1. What are adjectives?

Adjectives are words that describe nouns (objects, people).

For example:

nice, good, beautiful, worried, insulting, continuous

Adjectives can go before nouns:

adjective + noun

a nice person

a good day

a beautiful cat

an insulting remark

Adjectives can go after some verbs:

verbs + adjective

seem nice

is good

looks beautiful

feel happy

2. Order of adjectives

Sometimes we need to use more than one adjectives.
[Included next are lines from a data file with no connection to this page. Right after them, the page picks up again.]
Theorem proposition4p1 (k n m : nat) (F : seq firing) (tau : seq nat)
  (Fs : nat -> seq firing) (gamma : nat -> seq nat) :
  2 <= k ->
  is_strategy k (iota 1 (k ^ n)) root_config F ->
  reads_as k n (iota 1 (k ^ n)) (run root_config F) tau ->
  (forall i, 1 <= i <= k ^ n ->
     is_strategy k (iota 1 (k ^ m)) root_config (Fs i) /\
     reads_as k m (iota 1 (k ^ m)) (run root_config (Fs i)) (gamma i)) ->
  is_strategy k (iota 1 (k ^ (n + m))) root_config (composite k n m F Fs) /\
  exists pi : seq nat,
    reads_as k (n + m) (iota 1 (k ^ (n + m)))
      (run root_config (composite k n m F Fs)) pi /\
    is_inflation tau [seq gamma i | i <- iota 1 (k ^ n)] pi.
Proof.
move=> k_gt1 [F_legal _] tau_reads Fs_spec.
have k_gt0 : 0 < k by apply: ltnW.
have Fs_legal i (i_K : 1 <= i <= k ^ n) := (Fs_spec i i_K).1.1.
have gamma_reads i (i_K : 1 <= i <= k ^ n) := (Fs_spec i i_K).2.
have reads := composite_reads k_gt0 F_legal tau_reads Fs_legal gamma_reads.
have [legal _] := composite_run k_gt0 F_legal tau_reads Fs_legal.
split; first by split; last exact: reads_as_stable k_gt1 reads.
exists (inflate (k ^ m) tau [seq gamma i | i <- iota 1 (k ^ n)]); split=> //.
exact: composite_inflation tau_reads gamma_reads.
Qed.
Lemma dotvBr x y z : dotv x (y - z) = dotv x y - dotv x z.
Proof. by rewrite dotvC dotvBl !(dotvC x). Qed.

Lemma dotv0l x : dotv 0 x = 0.
Proof. by rewrite -(scale0r 0) dotvZl mul0r. Qed.

Lemma dotv0r x : dotv x 0 = 0.
Proof. by rewrite dotvC dotv0l. Qed.

Lemma dotvv_ge0 x : 0 <= dotv x x.
Proof. by rewrite dotvE sumr_ge0 // => j _; rewrite -expr2 sqr_ge0. Qed.

Lemma dotvv_eq0 x : (dotv x x == 0) = (x == 0).
Proof.
apply/idP/eqP => [|->]; last by rewrite dotv0l.
rewrite dotvE psumr_eq0 => [/allP x0|j _]; last by rewrite -expr2 sqr_ge0.
apply/rowP => j; rewrite mxE.
by move: (x0 j (mem_index_enum j)); rewrite /= mulf_eq0 orbb => /eqP.
Qed.

Lemma normv_ge0 x : 0 <= normv x.
Proof. exact: sqrtr_ge0. Qed.

Lemma normv_sqr x : normv x ^+ 2 = dotv x x.
Proof. by rewrite sqr_sqrtr // dotvv_ge0. Qed.

Lemma normv_eq0 x : (normv x == 0) = (x == 0).
Proof. by rewrite -dotvv_eq0 -normv_sqr sqrf_eq0. Qed.

Lemma normv_gt0 x : (0 < normv x) = (x != 0).
Proof. by rewrite lt_neqAle normv_ge0 andbT eq_sym normv_eq0. Qed.

Lemma normv0 : normv (0 : 'rV[R]_d) = 0.
Proof. by rewrite /normv dotv0l sqrtr0. Qed.

Lemma ler_normv_sqr x y : (normv x <= normv y) = (normv x ^+ 2 <= normv y ^+ 2).
Proof. by rewrite ler_sqr ?nnegrE ?normv_ge0. Qed.

Lemma normvZ a x : normv (a *: x) = `|a| * normv x.
Proof. by rewrite /normv dotvZl dotvZr mulrA -expr2 sqrtrM ?sqr_ge0 // sqrtr_sqr. Qed.

Lemma normvD_orth x y : dotv x y = 0 ->
  normv (x + y) ^+ 2 = normv x ^+ 2 + normv y ^+ 2.
Proof.
by move=> xy; rewrite !normv_sqr !(dotvDl, dotvDr) xy dotvC xy addr0 add0r.
Qed.

Lemma dotv_sqr_le x y : dotv x y ^+ 2 <= dotv x x * dotv y y.
Proof.
have [/eqP|y0] := eqVneq (dotv y y) 0.
  by rewrite dotvv_eq0 => /eqP ->; rewrite !dotv0r mulr0 expr0n.
have y_gt0 : 0 < dotv y y by rewrite lt_neqAle eq_sym y0 dotvv_ge0.
rewrite -subr_ge0 -(pmulr_rge0 _ y_gt0).
have := dotvv_ge0 (dotv y y *: x - dotv x y *: y).
by rewrite !(dotvBl, dotvBr, dotvZl, dotvZr) (dotvC y x); congr (_ <= _); ring.
Qed.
An opinion normally goes before the fact:

Opinion + fact + noun
An interesting

A beautiful

An interesting

Spanish

black

new

movie

cat

idea

If we have several factual adjectives, we use the following order:

size +age +shape +colour +origin +material +purpose +noun
a huge ancient round blue Japanese wooden —- table
a small new —— —– German silver tea spoon
an —- old square black —— plastic radio button

3. Adding suffixes

Adjectives can be individual, unique words (nice, small) or can be formed from other words by using suffixes or prefixes.

– able: manageable, readable

– ible: flexible, edible

– ant: hesitant, distant

– ing: sleeping

– ic: energetic, apologetic

– ish: foolish, blueish

– ous: dangerous, famous

– ly: friendly, weekly

– al: political, musical

– ful: harmful, tactful

– les: harmless, careless

– ive: attractive, passive

4. Adding prefixes

We can form new adjectives by adding prefixes to words. These prefixes create a negative meaning.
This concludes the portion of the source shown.